* [Source material]
────

(* Let $G=(V,E)$ be a finite, simple, undirected, connected graph with no isolated vertices that has at least one split independent set. Then $\beta_s(G)\le \Gamma_s(G)$ and $\gamma_s(G)\le i_s(G)$.
   Context: For $X\subseteq V$, $\langle X\rangle$ denotes the induced subgraph on $X$. A set $D\subseteq V$ is dominating if every vertex of $V\setminus D$ has a neighbor in $D$. A dominating set $S$ is a split dominating set if $\langle V\setminus S\rangle$ is disconnected or a $K_1$. A split dominating set $S$ is a minimal split dominating set if for every $u\in S$ the set $S\setminus\{u\}$ is not a split dominating set. A set $S$ is a split independent set if $S$ is independent and $\langle V\setminus S\rangle$ is disconnected or a $K_1$; it is a maximal split independent set if for every $v\in V\setminus S$, either $S\cup\{v\}$ is not independent or $\langle V\setminus (S\cup\{v\})\rangle$ is connected. Parameters: $\gamma_s(G)=\min\{|S|: S\text{ split dominating}\}$; $\Gamma_s(G)=\max\{|S|: S\text{ minimal split dominating}\}$; $i_s(G)=\min\{|S|: S\text{ maximal split independent}\}$; $\beta_s(G)=\max\{|S|: S\text{ maximal split independent}\}$. *)

(* a finite simple graph is a symmetric irreflexive
   relation e on a finType T (vertex set V = T). *)
From mathcomp Require Import all_boot.
Set Implicit Arguments. Unset Strict Implicit. Unset Printing Implicit Defensive.

Section SplitDom.
Variables (T : finType) (e : rel T).

Definition induced_rel (X : {set T}) : rel T :=
  [rel a b | [&& a \in X, b \in X & e a b]].

Definition induced_connected (X : {set T}) : bool :=
  [forall x in X, forall y in X, connect (induced_rel X) x y].

Definition induced_disconnected (X : {set T}) : bool := ~~ induced_connected X.

Definition disc_or_K1 (X : {set T}) : bool :=
  induced_disconnected X || (#|X| == 1).

Definition dominating (D : {set T}) : bool :=
  [forall v in ~: D, exists u in D, e v u].

Definition independent (S : {set T}) : bool :=
  [forall u in S, forall v in S, ~~ e u v].

Definition split_dominating (S : {set T}) : bool :=
  dominating S && disc_or_K1 (~: S).

Definition minimal_split_dominating (S : {set T}) : bool :=
  split_dominating S && [forall u in S, ~~ split_dominating (S :\ u)].

Definition split_independent (S : {set T}) : bool :=
  independent S && disc_or_K1 (~: S).

Definition maximal_split_independent (S : {set T}) : bool :=
  split_independent S &&
  [forall v in ~: S, ~~ independent (v |: S) || induced_connected (~: (v |: S))].

(* gamma_s: minimum cardinality of a split dominating set
   (default #|T|.+1 if there is none) *)
Definition gamma_s : nat :=
  \big[minn/#|T|.+1]_(S : {set T} | split_dominating S) #|S|.

(* Gamma_s: maximum cardinality of a minimal split dominating set (0 if none) *)
Definition Gamma_s : nat :=
  \max_(S : {set T} | minimal_split_dominating S) #|S|.

Definition i_s : nat :=
  \big[minn/#|T|.+1]_(S : {set T} | maximal_split_independent S) #|S|.

Definition beta_s : nat :=
  \max_(S : {set T} | maximal_split_independent S) #|S|.

End SplitDom.

From mathcomp Require Import all_boot.

(* Every maximal split independent set S is a minimal split dominating set.
   Independence gives minimality at once: a vertex u of S has no neighbour in
   S :\ u, so S :\ u no longer dominates u.  For domination, a vertex v outside
   S without neighbours in S could be added to S keeping it independent, so by
   maximality <V \ (S + v)> is connected; v has a neighbour u, necessarily
   outside S, and attaching v to that connected graph through u shows that
   <V \ S> is connected with at least two vertices, contradicting splitness.
   Hence beta_s <= Gamma_s, and gamma_s <= i_s since the minimum defining
   gamma_s ranges over a superset of the sets defining i_s. *)

Set Implicit Arguments. Unset Strict Implicit. Unset Printing Implicit Defensive.

Lemma geq_bigmin_cond (I : finType) (P : pred I) (F : I -> nat) n i :
  P i -> \big[minn/n]_(j | P j) F j <= F i.
Proof.
move=> Pi; rewrite -big_filter.
have : i \in [seq j <- index_enum I | P j] by rewrite mem_filter Pi mem_index_enum.
elim: [seq j <- index_enum I | P j] => //= a s IHs.
rewrite inE big_cons => /orP[/eqP-> | /IHs]; first exact: geq_minl.
exact: leq_trans (geq_minr _ _).
Qed.

Section MaximalSplitIndependent.
Variables (T : finType) (e : rel T).
Hypotheses (e_sym : symmetric e) (e_irr : irreflexive e).

Lemma independentP (S : {set T}) :
  reflect {in S &, forall a b, ~~ e a b} (independent e S).
Proof.
apply: (iffP forall_inP) => [indS a b aS bS | indS a aS].
  by move/forall_inP: (indS a aS); apply.
by apply/forall_inP => b bS; apply: indS.
Qed.

Lemma independent_setU1 (S : {set T}) v :
  independent e S -> [forall u in S, ~~ e v u] -> independent e (v |: S).
Proof.
move=> /independentP indS /forall_inP nbv; apply/independentP.
move=> a b; rewrite !in_setU1 => /predU1P[-> | aS] /predU1P[-> | bS].
- by rewrite e_irr.
- exact: nbv.
- by rewrite e_sym; apply: nbv.
- exact: indS.
Qed.

Lemma induced_connected_setU1 (X : {set T}) u v :
  induced_connected e X -> u \in X -> e v u -> induced_connected e (v |: X).
Proof.
move=> /forall_inP connX uX evu.
set R := induced_rel e (v |: X).
have R_sym : symmetric R by move=> a b; rewrite /R /induced_rel /= e_sym andbCA.
have subR : subrel (induced_rel e X) (connect R).
  move=> a b /and3P[aX bX eab]; apply: connect1.
  by rewrite /R /induced_rel /= !in_setU1 aX bX eab !orbT.
have toU z : z \in v |: X -> connect R z u.
  case/setU1P => [-> | zX]; first by rewrite connect1 // /R /induced_rel /= setU11 in_setU1 uX orbT.
  by apply: (connect_sub subR); move/forall_inP: (connX z zX); apply.
apply/forall_inP => x xX; apply/forall_inP => y yX.
by rewrite (connect_trans (toU x xX)) // (sym_connect_sym R_sym) toU.
Qed.

Lemma independent_dominating_minimal (S : {set T}) u :
  independent e S -> u \in S -> ~~ dominating e (S :\ u).
Proof.
move=> /independentP indS uS; apply/negP => /forall_inP/(_ u).
rewrite !inE eqxx => /(_ isT) /exists_inP[w]; rewrite !inE => /andP[_ wS].
by rewrite (negbTE (indS _ _ uS wS)).
Qed.

Hypothesis no_isolated : forall v : T, exists u : T, e v u.

Lemma maximal_split_independent_dominating (S : {set T}) :
  maximal_split_independent e S -> dominating e S.
Proof.
case/andP=> /andP[indS splitS] /forall_inP maxS.
apply/forall_inP => v vS; case: (boolP [exists u in S, e v u]) => // nbv.
rewrite negb_exists_in in nbv.
have conn_vS : induced_connected e (~: (v |: S)).
  by move: (maxS v vS); rewrite independent_setU1 //= => /orP[].
have [u evu] := no_isolated v.
have uS : u \notin S by apply: contraTN evu => uS; move/forall_inP: nbv; apply.
have uv : u != v by apply: contraTneq evu => ->; rewrite e_irr.
have uvS : u \in ~: (v |: S) by rewrite !inE negb_or uv.
have coS : ~: S = v |: ~: (v |: S).
  apply/setP => z; rewrite !inE negb_or; case: eqP => [-> | _] //.
  by rewrite inE in vS.
have two_le_coS : 1 < #|~: S|.
  by rewrite coS cardsU1 (cardD1 u) uvS !inE eqxx.
move: splitS; rewrite /disc_or_K1 /induced_disconnected coS.
by rewrite (induced_connected_setU1 conn_vS uvS evu) -coS (gtn_eqF two_le_coS).
Qed.

Lemma maximal_split_independent_minimal (S : {set T}) :
  maximal_split_independent e S -> minimal_split_dominating e S.
Proof.
move=> msiS; have /andP[/andP[indS splitS] _] := msiS.
rewrite /minimal_split_dominating /split_dominating splitS.
rewrite maximal_split_independent_dominating //=.
apply/forall_inP => u uS; apply/negP => /andP[domSu _].
by rewrite (negbTE (independent_dominating_minimal indS uS)) in domSu.
Qed.

End MaximalSplitIndependent.

Theorem mainTheorem3 (T : finType) (e : rel T)
  (e_sym : symmetric e) (e_irr : irreflexive e)
  (G_conn : forall x y : T, connect e x y)
  (no_isolated : forall v : T, exists u : T, e v u)
  (has_split_indep : exists S : {set T}, split_independent e S) :
  (beta_s e <= Gamma_s e) /\ (gamma_s e <= i_s e).
Proof.
have msd := maximal_split_independent_minimal e_sym e_irr no_isolated.
split.
  by apply/bigmax_leqP => S /msd msdS; apply: leq_bigmax_cond.
apply: (big_ind (fun n => gamma_s e <= n)).
- apply: (big_ind (fun n => n <= #|T|.+1)) => // [m n | S _].
    by rewrite geq_min => ->.
  exact/leqW/max_card.
- by move=> m n gm gn; rewrite leq_min gm gn.
- by move=> S /msd/andP[sdS _]; apply: geq_bigmin_cond.
Qed.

────

* [What to produce] Both end lines included, restate word for word the lines above from the line with "- exact: nbv." to the line with "set R := induced_rel e (v |: X).", and nothing else.

* [Task answer]
- exact: nbv.
- by rewrite e_sym; apply: nbv.
- exact: indS.
Qed.

Lemma induced_connected_setU1 (X : {set T}) u v :
  induced_connected e X -> u \in X -> e v u -> induced_connected e (v |: X).
Proof.
move=> /forall_inP connX uX evu.
set R := induced_rel e (v |: X).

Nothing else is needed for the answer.